Can a Single Expert business valuation consider COVID-19 in March or April 2020 valuations?
Yes. Valuations conducted in March and April 2020 can consider the economic impact of any valuations undertaken during the pandemic. However this is only to the extent that such information existed.
In the case of business valuations, it is important to keep in mind:
- the nature of the business and
- the coronavirus pandemic timeline.
From 30 March 2020, the Federal Government closed all outdoor gyms and restricted outdoor group-exercise classes and boot camps. If the parties were to agree on a valuation of a family-owned boot camp business as at 25 March 2020, some four days before the restrictions were announced, the coronavirus pandemic may still be taken into account.
Although the impending restrictions on the business may not have been conclusively known at that date, general social distancing restrictions were increasing in severity across the country and indoor gyms were shut down the week prior – rendering the effective shutdown of the boot camp business and flowing economic impact “knowable”.
Generally, most Single Expert business valuers take the view that if information existed, it can be deemed “knowable”. This includes information not officially compiled – such economic trajectories and government warnings of impending shutdowns.
Should we hold off on instructing a Single Expert for future business valuations?

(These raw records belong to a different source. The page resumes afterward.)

(* Let $K$ be an algebraically closed field of characteristic zero. For any integers $s\ge 1$ and $c\ge 2$ there is an Artinian complete intersection graded $K$-algebra $A_F=K[x_1,\dots,x_c]/\operatorname{Ann}(F)$ of codimension $c$ whose Macaulay dual generator $F\in K[X_1,\dots,X_c]$ is a sum of $s$ monomials. Moreover, this $A_F$ satisfies the strong Lefschetz property.
   Context: $K[X_1,\dots,X_c]$ is the divided power algebra, a module over $R=K[x_1,\dots,x_c]$ via contraction $x_i\circ X_j^k=\delta_{ij}X_j^{k-1}$ if $k>0$ and $0$ otherwise; for homogeneous $F$, $\operatorname{Ann}(F)=\{f\in R\mid f\circ F=0\}$, $A_F=R/\operatorname{Ann}(F)$, and $F$ is its Macaulay dual generator. A graded Artinian $K$-algebra $A$ has the strong Lefschetz property if there is a linear form $\ell\in A_1$ such that for all $i\ge 0$, $k\ge 1$ the map $\times\ell^k:A_i\to A_{i+k}$ has maximal rank. *)

From HB Require Import structures.
From mathcomp Require Import all_boot all_order all_algebra all_field.
From mathcomp Require Import mpoly.
Set Implicit Arguments. Unset Strict Implicit. Unset Printing Implicit Defensive.
Import Order.TTheory GRing.Theory.
Local Open Scope ring_scope.

(* The polynomial ring R = K[x_1..x_c] is {mpoly K[c]}.
   The divided power algebra K[X_1..X_c] is represented, as a K-vector
   space, by the same type {mpoly K[c]}: the element 'X_[b] stands for the
   divided monomial X^[b] = X_1^[b_1] ... X_c^[b_c].  Only its K-module
   structure and the contraction action are used. *)

Definition contract (K : fieldType) (c : nat) (f F : {mpoly K[c]}) : {mpoly K[c]} :=
  \sum_(a <- msupp f) \sum_(b <- msupp F)
     (f@_a * F@_b) *: (if (a <= b)%MM then 'X_[(b - a)%MM] else 0).

Definition in_Ann (K : fieldType) (c : nat) (F f : {mpoly K[c]}) : Prop :=
  contract f F = 0.

(* A_F is a complete intersection: Ann(F) is generated by c elements
   (A_F is automatically Artinian). *)
Definition complete_intersection (K : fieldType) (c : nat) (F : {mpoly K[c]}) : Prop :=
  exists g : 'I_c -> {mpoly K[c]},
    forall f : {mpoly K[c]},
      in_Ann F f <-> exists h : 'I_c -> {mpoly K[c]}, f = \sum_(i < c) h i * g i.

(* A_F has codimension c: no nonzero linear form lies in Ann(F),
   i.e. dim_K (A_F)_1 = c. *)
Definition full_codim (K : fieldType) (c : nat) (F : {mpoly K[c]}) : Prop :=
  forall l : {mpoly K[c]}, l \is 1.-homog -> in_Ann F l -> l = 0.

(* Strong Lefschetz property of A_F = R/Ann(F) (graded, F homogeneous):
   there is a linear form l such that for all i >= 0, k >= 1 the map
   x l^k : (A_F)_i -> (A_F)_{i+k} (with (A_F)_j = R_j / Ann(F)_j) is
   injective or surjective. *)
Definition SLP (K : fieldType) (c : nat) (F : {mpoly K[c]}) : Prop :=
  exists l : {mpoly K[c]}, l \is 1.-homog /\
    forall i k : nat, (0 < k)%N ->
      (forall f : {mpoly K[c]}, f \is i.-homog ->
          in_Ann F (l ^+ k * f) -> in_Ann F f)
      \/
      (forall g : {mpoly K[c]}, g \is (i + k)%N.-homog ->
          exists f : {mpoly K[c]}, f \is i.-homog /\ in_Ann F (g - l ^+ k * f)).

(* Let the shear x_1 |-> t x_0 + x_1 act contragrediently on the divided powers.
   It sends X^[b], b = (m,1,...,1), to
     F = \sum_(q <= m) t^q (q+1) X_0^[m-q] X_1^[q+1] X_2 ... X_(c-1),
   which has m + 1 terms when t != 0 (and is X^[b] when t = 0).  A linear change
   of coordinates transports annihilators, so A_F is isomorphic to
   A_(X^[b]) = K[x]/(x_i^(b_i+1)): a complete intersection, of codimension c
   since every b_i >= 1.  For this monomial complete intersection the Lefschetz
   property comes from sl_2: contraction by l = x_0 + ... + x_(c-1) and an
   explicit raising operator make the span of the X^[a], a <= b, a graded
   sl_2-module, and the weight computation in characteristic zero shows that the
   powers of the lowering operator have maximal rank between graded pieces. *)

From HB Require Import structures.
From mathcomp Require Import all_boot all_order all_algebra all_field.
From mathcomp Require Import mpoly.
From mathcomp Require Import ring zify.
Set Implicit Arguments. Unset Strict Implicit. Unset Printing Implicit Defensive.
Import Order.TTheory GRing.Theory.
Local Open Scope ring_scope.

Section Multinomials.
Variable n : nat.
Implicit Types a b : 'X_{1..n}.

Lemma lepmD_subm a a' b : (a + a' <= b)%MM = (a' <= b)%MM && (a <= b - a')%MM.
Proof.
apply/mnm_lepP/andP => [le_aa'b | [/mnm_lepP le_a'b /mnm_lepP le_ab]] => [|i].
  by split; apply/mnm_lepP => i; have := le_aa'b i; rewrite mnmDE ?mnmBE; lia.
by have := le_a'b i; have := le_ab i; rewrite mnmDE mnmBE; lia.
Qed.

Lemma lepm_mdeg a b : (a <= b)%MM -> (mdeg a <= mdeg b)%N.
Proof. by move=> le_ab; rewrite -(submK le_ab) mdegD leq_addl. Qed.

Lemma mdeg_subm a b : (a <= b)%MM -> mdeg (b - a) = (mdeg b - mdeg a)%N.
Proof. by move=> le_ab; rewrite -{2}(submK le_ab) mdegD addnK. Qed.

End Multinomials.

Section LinearExtension.
Variables (K : fieldType) (n : nat) (V : lmodType K).
Implicit Types (p q : {mpoly K[n]}) (g : 'X_{1..n} -> V).

Definition mlin g p : V := \sum_(m <- msupp p) p@_m *: g m.

Lemma mlin_wide g p (s : seq 'X_{1..n}) : uniq s -> {subset msupp p <= s} ->
  mlin g p = \sum_(m <- s) p@_m *: g m.
Proof.
move=> s_uniq supp_s; rewrite /mlin [RHS](bigID (mem (msupp p))) /=.
rewrite [X in _ + X]big1 ?addr0 => [|m /memN_msupp_eq0 ->]; last by rewrite scale0r.
rewrite -[RHS]big_filter; apply: perm_big.
apply: uniq_perm; rewrite ?filter_uniq ?msupp_uniq //.
by move=> m; rewrite mem_filter andb_idr // => /supp_s.
Qed.

Lemma mlin_is_linear g : linear (mlin g).
Proof.
move=> a p q; pose s := undup (msupp p ++ msupp q ++ msupp (a *: p + q)).
have [sp sq spq] : [/\ {subset msupp p <= s}, {subset msupp q <= s}
    & {subset msupp (a *: p + q) <= s}].
  by split=> m; rewrite mem_undup !mem_cat => ->; rewrite ?orbT.
have s_uniq : uniq s := undup_uniq _.
rewrite (mlin_wide g s_uniq sp) (mlin_wide g s_uniq sq) (mlin_wide g s_uniq spq).
rewrite scaler_sumr -big_split; apply: eq_bigr => m _.
by rewrite mcoeffD mcoeffZ scalerDl scalerA.
Qed.

HB.instance Definition _ g :=
  GRing.isLinear.Build K {mpoly K[n]} V _ (mlin g) (mlin_is_linear g).

Lemma mlinX g m : mlin g 'X_[m] = g m.
Proof. by rewrite /mlin msuppX big_seq1 mcoeffX eqxx scale1r. Qed.

Lemma linear_mpolyE (phi : {mpoly K[n]} -> V) : linear phi ->
  forall p, phi p = mlin (fun m => phi 'X_[m]) p.
Proof.
move=> phi_lin p; rewrite {1}[p]mpolyE /mlin.
have phi0 : phi 0 = 0.
  by rewrite -[X in phi X](subr0 0) (zmod_morphism_linear phi_lin) subrr.
elim: (msupp p) => [|m s IH]; rewrite ?big_nil // !big_cons.
by rewrite -IH phi_lin.
Qed.

Lemma linear_mpoly_ext (phi psi : {mpoly K[n]} -> V) : linear phi -> linear psi ->
  (forall m, phi 'X_[m] = psi 'X_[m]) -> phi =1 psi.
Proof.
move=> phi_lin psi_lin eq_X p; rewrite (linear_mpolyE phi_lin) (linear_mpolyE psi_lin).
by apply: eq_bigr => m _; rewrite eq_X.
Qed.

End LinearExtension.

Section Contraction.
Variables (K : fieldType) (n : nat).
Implicit Types (f g F P : {mpoly K[n]}) (a b : 'X_{1..n}).

Lemma contract_mpolyX a F :
  contract 'X_[a] F = mlin (fun b => if (a <= b)%MM then 'X_[b - a] else 0) F.
Proof.
rewrite /contract msuppX big_seq1 /mlin; apply: eq_bigr => b _.
by rewrite mcoeffX eqxx mul1r.
Qed.

Lemma contractEl f F : contract f F = mlin (fun a => contract 'X_[a] F) f.
Proof.
rewrite [LHS]/contract /mlin; apply: eq_bigr => a _; rewrite contract_mpolyX scaler_sumr.
by apply: eq_bigr => b _; rewrite scalerA.
Qed.

Lemma contract_linearl F : linear ((@contract K n)^~ F).
Proof. by move=> c f g; rewrite !contractEl linearP. Qed.

Lemma contract_linearr f : linear (@contract K n f).
Proof.
move=> c F P; rewrite !contractEl /mlin scaler_sumr -big_split; apply: eq_bigr => a _.
by rewrite !contract_mpolyX linearP scalerDr !scalerA mulrC.
Qed.

HB.instance Definition _ f :=
  GRing.isLinear.Build K _ _ _ (@contract K n f) (contract_linearr f).
HB.instance Definition _ := bilinear_isBilinear.Build K {mpoly K[n]} {mpoly K[n]}
  {mpoly K[n]} _ _ (@contract K n) (contract_linearl, contract_linearr).

Lemma contractXX a b :
  contract 'X_[a] 'X_[b] = if (a <= b)%MM then 'X_[b - a] else 0 :> {mpoly K[n]}.
Proof. by rewrite contract_mpolyX mlinX. Qed.

Lemma contractM f g F : contract (f * g) F = contract f (contract g F).
Proof.
move: f; apply: linear_mpoly_ext => [c f1 f2 | c f1 f2 | a] /=.
- by rewrite mulrDl -scalerAl linearPl.
- exact: linearPl.
move: g; apply: linear_mpoly_ext => [c g1 g2 | c g1 g2 | a'] /=.
- by rewrite mulrDr -scalerAr linearPl.
- by rewrite linearPl linearP.
move: F; apply: linear_mpoly_ext => [c F1 F2 | c F1 F2 | b] /=.
- exact: linearP.
- by rewrite !linearP.
rewrite -mpolyXD !contractXX lepmD_subm; case: (a' <= b)%MM => /=; last by rewrite linear0.
by rewrite contractXX submDA [(a' + a)%MM]addmC.
Qed.

Lemma contract1 F : contract 1 F = F.
Proof.
move: F; apply: linear_mpoly_ext => [c F1 F2 | // | b]; first exact: linearP.
rewrite -mpolyX0 contractXX subm0; case: ifP => // /negP[].
by apply/mnm_lepP => i; rewrite mnm0E.
Qed.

As a general rule, it is important to seek tailored legal advice that fits your business and personal circumstances.
It may be prudent to commence a valuation once the business has fully recovered from the effect of the pandemic. Granted it is not impossible to conduct a business valuation in these times. However, increased complexity and uncertainty could raise disagreements between parties about the accuracy of “COVID-19 era” valuations.
A delayed valuation may avoid such disputes and the potential cost of updated valuations further down the track.
Conversely, drawn out litigation in the absence of a business valuation can be costly. Therefore it may be in your best interests to push ahead with a business valuation now.